Introduction

The immune system in Drosophila involves both cellular and humoral responses to pathogens (Lemaitre and Hoffmann, 2007). The cellular response consists of phagocytosis and encapsulation of parasites by differentiated hemocytes. The humoral response depends on the recognition of parasitic antigens that triggers signalling cascades that lead to the transcription of immunity peptides that are released into the haemolymph. The most important signalling pathways that induce the transcription of antimicrobial peptides are the Toll and Imd pathways (De Gregorio et al., 2002).

Adaptive changes at the protein level due to the selective pressures that pathogens impose on their hosts should leave a traceable signature of positive selection in their immune-related genes. Several studies have detected these signatures in immunity genes of Drosophila (Hughes et al., 1990; Schlenke and Begun, 2003, 2005; Lazzaro, 2005; Jiggins and Kim, 2006; Obbard et al., 2006). Recently, Jiggins and Kim (2007) looked at the amino acid and silent variability of 23 immunity-related genes in both D. melanogaster and D. simulans. In the McDonald–Kreitman test, 5 out of the 23 genes showed evidence for positive selection. Also, Sackton et al. (2007) studied 226 genes using data from the 12 sequenced Drosophila species genomes in a likelihood-based framework. About 10% of the genes analysed showed evidence of positive selection. Of the five genes that were analysed in common in both studies, three showed evidence of adaptive evolution in the Jiggins and Kim (2007) whereas Sackton et al. (2007) could not reject neutrality. These results can be due to the different methodologies used in both studies. One of the potential problems with phylogenetic codon-based methods is the effect that alignment of gene sequences from very divergent species might have on the estimation of ω. Homoplasy due to substitution saturation can also be a problem when applying these tests. Furthermore, lineage-specific adaptive substitutions may be difficult to detect using the commonly used likelihood-based random-site model tests as in Sackton et al. (2007).
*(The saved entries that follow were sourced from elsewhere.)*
Section Multilinear.
Variables (F : fieldType) (H R : algType F) (phi psi chi : H -> R).
Hypotheses (lin_phi : linmap phi) (lin_psi : linmap psi) (lin_chi : linmap chi).

Lemma bilin_mul : bilin (fun u v => phi u * psi v).
Proof. by split=> [z|x] a u v /=; rewrite ?lin_phi ?lin_psi; distr_scale. Qed.

Lemma trilin_mul : trilin (fun u v w => phi u * psi v * chi w).
Proof.
by split=> [y z|y z|y z] a u v /=; rewrite ?lin_phi ?lin_psi ?lin_chi; distr_scale.
Qed.

End Multilinear.

Section Hopf.
Variables (F : fieldType) (H : algType F) (cop : H -> seq (H * H)) (eps : H -> F) (S : H -> H).
Hypothesis hopf : cocomm_hopf cop eps S.

Let lin_S := S_lin hopf.
Let lin_eps : linmap (eps : H -> F^o). Proof. exact: eps_lin hopf. Qed.

Lemma tsum_cop_linmap (V : lmodType F) (b : H -> H -> V) :
  bilin b -> linmap (fun x => tsum b (cop x)).
Proof. by move=> hb a x y; apply: (cop_lin hopf hb). Qed.

Lemma eps_antipode x : eps (S x) = eps x.
Proof.
have epsZ a y : eps (a *: y) = a * eps y by exact: (linmapZ lin_eps).
transitivity (eps (\sum_(p <- cop x) S p.1 * p.2)); last first.
  by rewrite (antipode_l hopf) epsZ (eps_one hopf) mulr1.
rewrite -{1}(counit_r hopf x) (linmap_sum _ _ lin_S) !(linmap_sum _ _ lin_eps).
by apply: eq_bigr => p _; rewrite (linmapZ lin_S) epsZ (eps_mul hopf) mulrC.
Qed.

Lemma eps_sum_cop_mul (U V : H -> H) :
  (forall x, eps (U x) = eps x) -> (forall x, eps (V x) = eps x) ->
  forall x, eps (\sum_(p <- cop x) U p.1 * V p.2) = eps x.
Proof.
move=> eU eV x; rewrite -{2}(counit_l hopf x) !(linmap_sum _ _ lin_eps).
by apply: eq_bigr => p _; rewrite (eps_mul hopf) (linmapZ lin_eps) (eU p.1) (eV p.2).
Qed.

Variable A : comAlgType F.
Notation conv := (@conv _ _ cop A).
Notation unitA := (unitA eps A).

Lemma conv_linmap (phi psi : H -> A) : linmap phi -> linmap psi -> linmap (conv phi psi).
Proof. by move=> h1 h2; apply: tsum_cop_linmap (bilin_mul h1 h2). Qed.

Lemma eq_conv (phi phi' psi psi' : H -> A) :
  phi =1 phi' -> psi =1 psi' -> conv phi psi =1 conv phi' psi'.
Proof. by move=> e1 e2 x; apply: eq_bigr => p _; rewrite e1 e2. Qed.
(* Let $T$ be a nontrivial finite $2$-group and $H$ a finite group of odd order such that $d(T\times H)=3$. Then $\mathsf{GEN}(T\times H)=*0$.
   Context: For a finite group $G$, $\mathsf{GEN}(G)$ is the following impartial two-player game. A position is a set of elements selected so far; the starting position is $\emptyset$. From a position $P$ with $\langle P\rangle\neq G$, the player to move selects some $g\in G\setminus P$, producing the position $P\cup\{g\}$ (these are the options of $P$); a position $P$ with $\langle P\rangle = G$ has no options. The nim-number of a position is defined recursively by $\operatorname{nim}(P)=\operatorname{mex}\{\operatorname{nim}(Q): Q \text{ an option of } P\}$, where $\operatorname{mex}(A)$ is the least nonnegative integer not in $A$. We write $\mathsf{GEN}(G)=*n$ if $\operatorname{nim}(\emptyset)=n$. $d(G)$ denotes the minimum size of a generating set of $G$. *)

From HB Require Import structures.
From mathcomp Require Import all_boot all_fingroup all_solvable.
Set Implicit Arguments. Unset Strict Implicit. Unset Printing Implicit Defensive.
Import GroupScope.

(* mex of a finite list of naturals: least n not in s (always <= size s). *)
Definition mex (s : seq nat) : nat :=
  find (fun n => n \notin s) (iota 0 (size s).+1).

Section Gen.
Variable gT : finGroupType.
Implicit Types (G : {group gT}) (P : {set gT}).

(* Positions P with <<P>> = G are terminal; otherwise the options are
   P :|: [set g] for g in G :\: P.  Every play has length <= #|G|,
   so fuel #|G|.+1 suffices for the empty position. *)
Fixpoint nim_fuel G (k : nat) P : nat :=
  match k with
  | 0 => 0
  | k'.+1 =>
      if <<P>> == (G : {set gT}) then 0
      else mex [seq nim_fuel G k' (g |: P) | g <- enum (G :\: P)]
  end.

Definition GEN G : nat := nim_fuel G #|G|.+1 set0.

Lemma dgen_ex G :
  exists n, [exists A : {set gT}, [&& A \subset G, <<A>> == G & #|A| == n]].
Proof.
exists #|G|; apply/existsP; exists (G : {set gT}).
by rewrite subxx genGid !eqxx.
Qed.

Definition dgen G : nat := ex_minn (dgen_ex G).
End Gen.

(* The second player wins by a pairing strategy.  T x H has a central
   involution t, so every g lies, together with g * x for some involution x,
   in a cyclic subgroup <[z]>: take x = t and z = g * t when #[g] is odd, and
   x = g ^+ (#[g] / 2), z = g otherwise.  After the first move g the second
   player answers g * x.  From then on the position is closed under right
   multiplication by x, and since {h, g, g * x} lies in <<[set h; z]>>, no
   single move can generate a group with d(G) = 3.  The second player keeps
   answering each move y by y * x, which preserves both properties, unless y
   leaves a generating move, which she then plays; either way she moves last. *)

From mathcomp Require Import all_boot all_fingroup all_solvable.
Set Implicit Arguments. Unset Strict Implicit. Unset Printing Implicit Defensive.
Import GroupScope.

Lemma mex_eq0 (s : seq nat) : 0 \notin s -> mex s = 0.
Proof. by rewrite /mex /= => ->. Qed.

Lemma mex_neq0 (s : seq nat) : 0 \in s -> mex s != 0.
Proof. by rewrite /mex /= => ->. Qed.

Lemma genU1_id (gT : finGroupType) (a : gT) (A : {set gT}) :
  a \in <<A>> -> <<a |: A>> = <<A>>.
Proof.
move=> aA; apply/eqP; rewrite eqEsubset gen_subG subUset sub1set aA subset_gen.
exact/genS/subsetUr.
Qed.

Lemma cardsDU1 (T : finType) (A B : {set T}) a :
  a \in A :\: B -> #|A :\: B| = #|A :\: (a |: B)|.+1.
Proof. by move=> aAB; rewrite (cardsD1 a) aAB setDDl setUC. Qed.

Lemma gen_neq_lt_dgen (gT : finGroupType) (G : {group gT}) (A : {set gT}) :
  A \subset G -> #|A| < dgen G -> <<A>> != G.
Proof.
move=> sAG ltAd; apply/eqP=> genA.
have exA : [exists B : {set gT}, [&& B \subset G, <<B>> == G & #|B| == #|A|]].
  by apply/existsP; exists A; rewrite sAG genA !eqxx.
by move: ltAd; rewrite /dgen; case: ex_minnP => m _ /(_ _ exA); rewrite leqNgt => /negP.
Qed.

Lemma order2_mulgg (gT : finGroupType) (x : gT) : #[x] = 2 -> x * x = 1.
Proof. by move=> ox; rewrite -{2}[x]expg1 -expgS -ox expg_order. Qed.

Lemma order2_neq1 (gT : finGroupType) (x : gT) : #[x] = 2 -> x != 1.
Proof. by move=> ox; apply: contra_eqN ox => /eqP ->; rewrite order1. Qed.

Section GenGame.
Variables (gT : finGroupType) (G : {group gT}).
Implicit Types (P : {set gT}).

Lemma nim_fuel_gen_eq0 k P : <<P>> = G -> nim_fuel G k P = 0.
Proof. by case: k => //= k ->; rewrite eqxx. Qed.

Lemma nim_fuel_eq0 k P : <<P>> != G ->
  {in G :\: P, forall g, nim_fuel G k (g |: P) != 0} -> nim_fuel G k.+1 P = 0.
Proof.
move=> nPG opt; rewrite /= (negbTE nPG); apply: mex_eq0.
by apply/mapP=> -[g]; rewrite mem_enum => /opt/negP nz /esym/eqP.
Qed.

Lemma nim_fuel_neq0 k P g : <<P>> != G -> g \in G :\: P ->
  nim_fuel G k (g |: P) = 0 -> nim_fuel G k.+1 P != 0.
Proof.
move=> nPG gGP nim0; rewrite /= (negbTE nPG); apply: mex_neq0.
by apply/mapP; exists g; rewrite ?mem_enum.
Qed.

Lemma nim_fuel_closed_involution_eq0 x k P :
  x \in G -> #[x] = 2 -> P != set0 -> {in P, forall p, p * x \in P} ->
  {in G, forall h, <<h |: P>> != G} -> #|G :\: P| < k -> nim_fuel G k P = 0.
Proof.
move=> xG ox; elim/ltn_ind: k P => -[//|k] IH P /set0Pn[p pP] Px noP ltPk.
have xP : x \in <<P>>.
  by rewrite -(mulKg p x) groupM ?groupV ?mem_gen ?Px.
apply: nim_fuel_eq0 => [|g gGP].
  by have := noP 1 (group1 G); rewrite genU1_id.
have /andP[gP gG] : (g \notin P) && (g \in G) by rewrite -in_setD.
case: k IH ltPk => [|k] IH ltPk; first by rewrite (cardsDU1 gGP) in ltPk.
case: (boolP [exists h in G, <<h |: (g |: P)>> == G])
  => [/exists_inP[h hG /eqP genh] | noQ]; last first.
- have gxQ : g * x \in G :\: (g |: P).
    rewrite !inE groupM // andbT negb_or; apply/andP; split.
      by rewrite -{2}[g]mulg1 (can_eq (mulKg g)) order2_neq1.
    by apply: contra gP => /Px; rewrite -mulgA order2_mulgg ?mulg1.
  apply: (nim_fuel_neq0 (noP g gG) gxQ); apply: IH => //.
  + by apply/set0Pn; exists (g * x); rewrite setU11.
  + move=> q /setU1P[->|/setU1P[->|qP]].
    * by rewrite -mulgA order2_mulgg // mulg1 setU1r // setU11.
    * exact: setU11.
    * by rewrite !setU1r ?Px.
  + move=> h hG; rewrite setUCA genU1_id.
      by apply: contra noQ => genh; apply/exists_inP; exists h.
    rewrite groupM ?(mem_gen (setU1r _ (setU11 _ _))) //.
    by apply: (subsetP (genS _) _ xP); apply/subsetP=> q qP; rewrite !setU1r.
  + by rewrite (cardsDU1 gGP) (cardsDU1 gxQ) !ltnS in ltPk.
- have hQ : h \in G :\: (g |: P).
    rewrite inE hG andbT; apply: contra (noP g gG) => /mem_gen hQ.
    by rewrite -genh (genU1_id hQ).
  exact: nim_fuel_neq0 (noP g gG) hQ (nim_fuel_gen_eq0 _ _).
Qed.

End GenGame.

Lemma central_involution_cycle (gT : finGroupType) (G : {group gT}) t g :
  t \in 'Z(G) -> #[t] = 2 -> g \in G ->
  exists x z, [/\ x \in G, #[x] = 2, z \in G, g \in <[z]> & g * x \in <[z]>].
Proof.
move=> /centerP[tG ctG] ot gG.
have [odd_g | even_g] := boolP (odd #[g]).
  exists t, (g * t); split; rewrite ?cycle_id ?groupM //.
  apply: (subsetP (cycleMsub _ _)) (cycle_id g); first exact/esym/ctG.
  by rewrite ot coprimen2.
pose m := #[g]./2.
have og : #[g] = m.*2 by rewrite -{1}(odd_double_half #[g]) (negbTE even_g).
have m_gt0 : 0 < m by rewrite -double_gt0 -og.
exists (g ^+ m), g; split; rewrite ?groupM ?groupX ?mem_cycle ?cycle_id //.
by rewrite orderXdiv og -muln2 ?dvdn_mulr // mulKn.
Qed.

Theorem GEN_eq0_central_involution (gT : finGroupType) (G : {group gT}) t :
  2 < dgen G -> t \in 'Z(G) -> #[t] = 2 -> GEN G = 0.
Proof.
move=> lt2d tZ ot.
have ngen (A : {set gT}) : A \subset G -> #|A| <= 2 -> <<A>> != G.
  by move=> sAG leA2; apply: gen_neq_lt_dgen; last exact: leq_ltn_trans lt2d.
apply: nim_fuel_eq0 => [|g]; first by rewrite ngen ?sub0set ?cards0.
rewrite setD0 setU0 => gG.
have [x [z [xG ox zG gz gxz]]] := central_involution_cycle tZ ot gG.
have gxg : g * x \in G :\: [set g].
  by rewrite !inE groupM // andbT -{2}[g]mulg1 (can_eq (mulKg g)) order2_neq1.
rewrite -(prednK (cardG_gt0 G)).
apply: (nim_fuel_neq0 _ gxg); first by rewrite ngen ?sub1set ?cards1.
apply: (nim_fuel_closed_involution_eq0 xG ox).
- by apply/set0Pn; exists g; rewrite !inE eqxx orbT.
- move=> q /setU1P[->|/set1P->]; last exact: setU11.
  by rewrite -mulgA order2_mulgg // mulg1 setU1r ?set11.
- move=> h hG; apply: contra (ngen [set h; z] _ _) => [/eqP genh||].
  + have sz : <[z]> \subset <<[set h; z]>>.
      by rewrite cycle_subG mem_gen // !inE eqxx orbT.
    rewrite eqEsubset gen_subG subUset !sub1set hG zG -{1}genh gen_subG.
    by rewrite !subUset !sub1set mem_gen ?setU11 // !(subsetP sz).
  + by rewrite subUset !sub1set hG zG.
  + by rewrite cards2; case: (h != z).
- by rewrite (cardsD1 g G) gG add1n (cardsDU1 gxg).
Qed.

Lemma pgroup_center_order (gT : finGroupType) (p : nat) (T : {group gT}) :
  pgroup p T -> T :!=: 1 -> exists2 t, t \in 'Z(T) & #[t] = p.
Proof.
move=> pT ntT; have ntZ : 'Z(T) != 1 by rewrite center_nil_eq1 ?(pgroup_nil pT).
have [p_pr p_dvd _] := pgroup_pdiv (pgroupS (center_sub T) pT) ntZ.
by have [t] := Cauchy p_pr p_dvd; exists t.
Qed.

Lemma pair_center1 (aT bT : finGroupType) (T : {group aT}) (H : {group bT}) t :
  t \in 'Z(T) -> (t, 1) \in 'Z(setX T H).
Proof.
case/centerP=> tT ctT; apply/centerP; split=> [|[a b] /setXP[aT1 _]].
  by rewrite in_setX tT group1.
change ((t * a, 1 * b) = (a * t, b * 1)).
by rewrite mulg1 mul1g ctT.
Qed.

Theorem proposition4p5 (aT bT : finGroupType) (T : {group aT}) (H : {group bT}) :
  pgroup 2 T -> T :!=: 1%g -> odd #|H| ->
  dgen (setX_group T H) = 3 -> GEN (setX_group T H) = 0.
Proof.
move=> pT ntT _ dG; have [t tZ ot] := pgroup_center_order pT ntT.
apply: (GEN_eq0_central_involution (t := (t, 1))); first by rewrite dG.
  exact: pair_center1.
by rewrite (order_injm (injm_pairg1 _ bT)) ?inE.
Qed.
This is because the ω-value estimated is averaged over the entire phylogeny and will detect positive selection only if the value is greater than 1 over all branches. On the other hand, McDonald–Kreitman test can be biased by slightly deleterious mutations, which could appear as rare polymorphisms in the sequences (Eyre-Walker, 2002). Furthermore, this test will be more powerful when multiple loci are analysed simultaneously.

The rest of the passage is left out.